Introduction
The Transformer architecture changed the way sequence data is modeled by replacing recurrence with
self-attention, where every token can directly interact with every other token. This design captures long-range
relationships effectively but comes with a high computational and memory cost that grows rapidly with
sequence length. Earlier methods such as Sparse Attention, Linformer, Performer, and Longformer tried
to reduce this cost by using approximations like sparsity or low-rank projections. While these approaches
improved efficiency, they often sacrificed exactness or generality.
FlashAttention addresses this challenge without compromising accuracy.
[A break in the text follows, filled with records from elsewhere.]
Section ProximalStep.
Variables (X : Type) (d : X -> X -> R) (f : X -> R).
Hypotheses (Hmet : is_metric d) (Hcat : is_CAT0 d) (Hqc : quasi_convex d f).

Lemma quasi_convex_sublevel z p gam s :
  is_min_geodesic d z p gam -> f p <= f z -> 0 < s < 1 -> f (gam s) <= f z.
Proof.
  intros Hg Hp Hs. eapply Rle_trans; [exact (Hqc z p gam Hg s Hs) |].
  apply Rmax_lub; lra.
Qed.

Lemma in_J_value_le tau x z : 0 < tau -> in_J d f tau x z -> f z <= f x.
Proof.
  destruct Hmet as [_ [Hid _]]. intros Htau HJ.
  pose proof (HJ x) as H. rewrite (proj2 (Hid x x) eq_refl) in H.
  assert (0 <= d x z ^ 2 * / (2 * tau))
    by (apply Rmult_le_pos; [apply pow2_ge_0 | left; apply Rinv_0_lt_compat; lra]).
  unfold Rdiv in H. rewrite pow_i in H by lia. lra.
Qed.

Lemma in_J_nearest_in_sublevel tau x z y :
  0 < tau -> in_J d f tau x z -> f y <= f z -> d x z <= d x y.
Proof.
  destruct Hmet as [Hpos _]. intros Htau HJ Hy.
  apply pow2_le_reg; [apply Hpos .. |].
  apply (Rmult_le_reg_r (/ (2 * tau))); [apply Rinv_0_lt_compat; lra |].
  pose proof (HJ y). unfold Rdiv in *. lra.
Qed.

Lemma in_J_dist_le_geodesic tau x z gam a p :
  0 < tau -> in_J d f tau x z -> is_min_geodesic d x z gam -> 0 <= a <= 1 ->
  f p <= f z -> d z p <= d (gam a) p.
Proof.
  intros Htau HJ Hg Ha Hp. pose proof Hmet as [Hpos _].
  destruct (proj1 Hcat z p) as [g2 Hg2].
  assert (Hobt : d (gam a) z ^ 2 + d z p ^ 2 <= d (gam a) p ^ 2).
  { apply (CAT0_obtuse X d Hmet Hcat _ _ _ g2 Hg2). intros s Hs.
    apply (min_geodesic_point_nearest X d Hmet x z _ gam a Hg Ha).
    apply (in_J_nearest_in_sublevel tau); auto.
    exact (quasi_convex_sublevel z p g2 s Hg2 Hp Hs). }
  apply pow2_le_reg; [apply Hpos .. |]. pose proof (Hpos (gam a) z). nra.
Qed.

End ProximalStep.

(* A pair (j, s) with 0 <= s < 1 stands for the time T_j + s tau_(j+1) of the
   curve, i.e. for the point g (S j) s; [lex_le] is the order of these times. *)
Definition lex_le (j1 : nat) (s1 : R) (j2 : nat) (s2 : R) : Prop :=
  (j1 < j2)%nat \/ (j1 = j2 /\ s1 <= s2).

Section ProximalPolygon.
Variables (X : Type) (d : X -> X -> R) (f : X -> R).
Hypotheses (Hmet : is_metric d) (Hcat : is_CAT0 d) (Hqc : quasi_convex d f).
Variables (tau : nat -> R) (x : nat -> X) (g : nat -> R -> X).
Hypothesis tau_pos : forall j, 0 < tau (S j).
Hypothesis x_prox : forall j, in_J d f (tau (S j)) (x j) (x (S j)).
Hypothesis g_geod : forall j, is_min_geodesic d (x j) (x (S j)) (g (S j)).

Lemma g_start j : g (S j) 0 = x j.
Proof. exact (proj1 (g_geod j)). Qed.

Lemma prox_value_nonincreasing i j : (i <= j)%nat -> f (x j) <= f (x i).
Proof.
  induction 1 as [| j _ IH]; [lra |].
  pose proof (in_J_value_le X d f Hmet _ _ _ (tau_pos j) (x_prox j)). lra.
Qed.

Lemma polygon_point_value_le m s : 0 <= s < 1 -> f (g (S m) s) <= f (x m).
Proof.
  intros Hs. destruct (Req_dec s 0) as [-> | Hs0]; [rewrite g_start; lra |].
  apply (quasi_convex_sublevel X d f Hqc _ _ _ _ (g_geod m)); [| lra].
  apply prox_value_nonincreasing; lia.
Qed.

Section TowardsSublevelPoint.
Variables (p : X) (m : nat).
Hypothesis p_sublevel : f p <= f (x m).

Lemma polygon_vertex_le_segment j s :
  (j < m)%nat -> 0 <= s <= 1 -> d (x (S j)) p <= d (g (S j) s) p.
Proof.
  intros Hj Hs.
  apply (in_J_dist_le_geodesic X d f Hmet Hcat Hqc (tau (S j)) (x j)); auto.
  pose proof (prox_value_nonincreasing (S j) m Hj). lra.
Qed.

Lemma polygon_vertex_dist_le i j :
  (i <= j)%nat -> (j <= m)%nat -> d (x j) p <= d (x i) p.
Proof.
  induction 1 as [| j _ IH]; intros Hj; [lra |].
  pose proof (polygon_vertex_le_segment j 0 Hj ltac:(lra)) as H.
  rewrite g_start in H. specialize (IH ltac:(lia)). lra.
Qed.

Lemma polygon_segment_dist_le j s1 s2 :
  (j < m)%nat -> 0 <= s1 -> s1 <= s2 -> s2 <= 1 -> s1 < 1 ->
  d (g (S j) s2) p <= d (g (S j) s1) p.
Proof.
  intros Hj. apply (CAT0_dist_nonincreasing X d Hmet Hcat _ _ _ _ _ _ (g_geod j)).
  intros s Hs. exact (polygon_vertex_le_segment j s Hj Hs).
Qed.

End TowardsSublevelPoint.

Section TowardsCurvePoint.
Variables (m : nat) (s3 : R).
Hypothesis s3_range : 0 <= s3 < 1.
Let p := g (S m) s3.
Lemma matching_labelling S f : matching S f ->
  exists c : T -> nat,
    (forall x, x \in S -> c x < #|exposed S f| + #|matched_reps S f|) /\
    (forall x y, x \in S -> y \in S -> c x = c y -> x = y \/ y = f x).
Proof.
move=> fS; set R := exposed S f :|: matched_reps S f.
have cardR : #|R| = #|exposed S f| + #|matched_reps S f|.
  rewrite cardsU; suff -> : exposed S f :&: matched_reps S f = set0.
    by rewrite cards0 subn0.
  by apply/setP => x; rewrite !inE; case: (f x == x); rewrite /= ?andbF.
pose r x := if x \in R then x else f x.
have rR x : x \in S -> r x \in R.
  move=> xS; rewrite /r; case: ifP => // /negbT.
  rewrite in_setU negb_or => /andP [xE xM].
  have fx : f x != x by apply: contraNneq xE => fxx; rewrite inE xS fxx eqxx.
  by rewrite in_setU (matched_reps_partner fS) ?orbT.
exists (fun x => index (r x) (enum R)); split.
  by move=> x xS; rewrite -cardR cardE index_mem mem_enum rR.
move=> x y xS yS /(congr1 (nth x (enum R))).
rewrite !nth_index ?mem_enum ?rR // /r.
case: ifP => _; case: ifP => _.
- by left.
- by move=> ->; right; rewrite (matchingK fS).
- by move=> <-; right.
- by move/(matching_inj fS) ->; left.
Qed.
It is an IO-aware algorithm
that accelerates the computation of self-attention by focusing on efficient data movement rather than
mathematical shortcuts. By reorganizing how attention is computed and how data flows through GPU
memory, FlashAttention achieves the same results as standard attention but with significantly improved
speed and scalability on long sequences.
Background
The Self-Attention Mechanism
In the self-attention mechanism, the output for each token is computed as
\begin{equation}
O = \text{softmax}\left(\frac{QK^{T}}{\sqrt{d}}\right)V,
\end{equation}
where \(Q, K\), and \(V\) are the query, key, and value matrices, and \(d\) is the head dimension. This operation
allows each token to attend to all others in the sequence, capturing contextual dependencies effectively.
Computational and Memory Costs
The computational and memory requirements of self-attention increase rapidly with sequence length \(N\). The
matrix multiplication \(QK^T\) involves \(O(N^2d)\) operations, and the resulting attention matrix of size \(N \times N\)
must be stored temporarily during computation, requiring \(O(N^2)\) space. Although this quadratic scaling is
inherent to the self-attention mechanism, in practice the major bottleneck arises not from the arithmetic itself
but from the repeated reading and writing of large intermediate matrices between different levels of memory.
Modern GPU Architecture
GPUs employ a hierarchical memory structure with components that vary widely in size and speed. At the
top level, high-bandwidth memory (HBM) provides tens of gigabytes of storage but is relatively slow to access.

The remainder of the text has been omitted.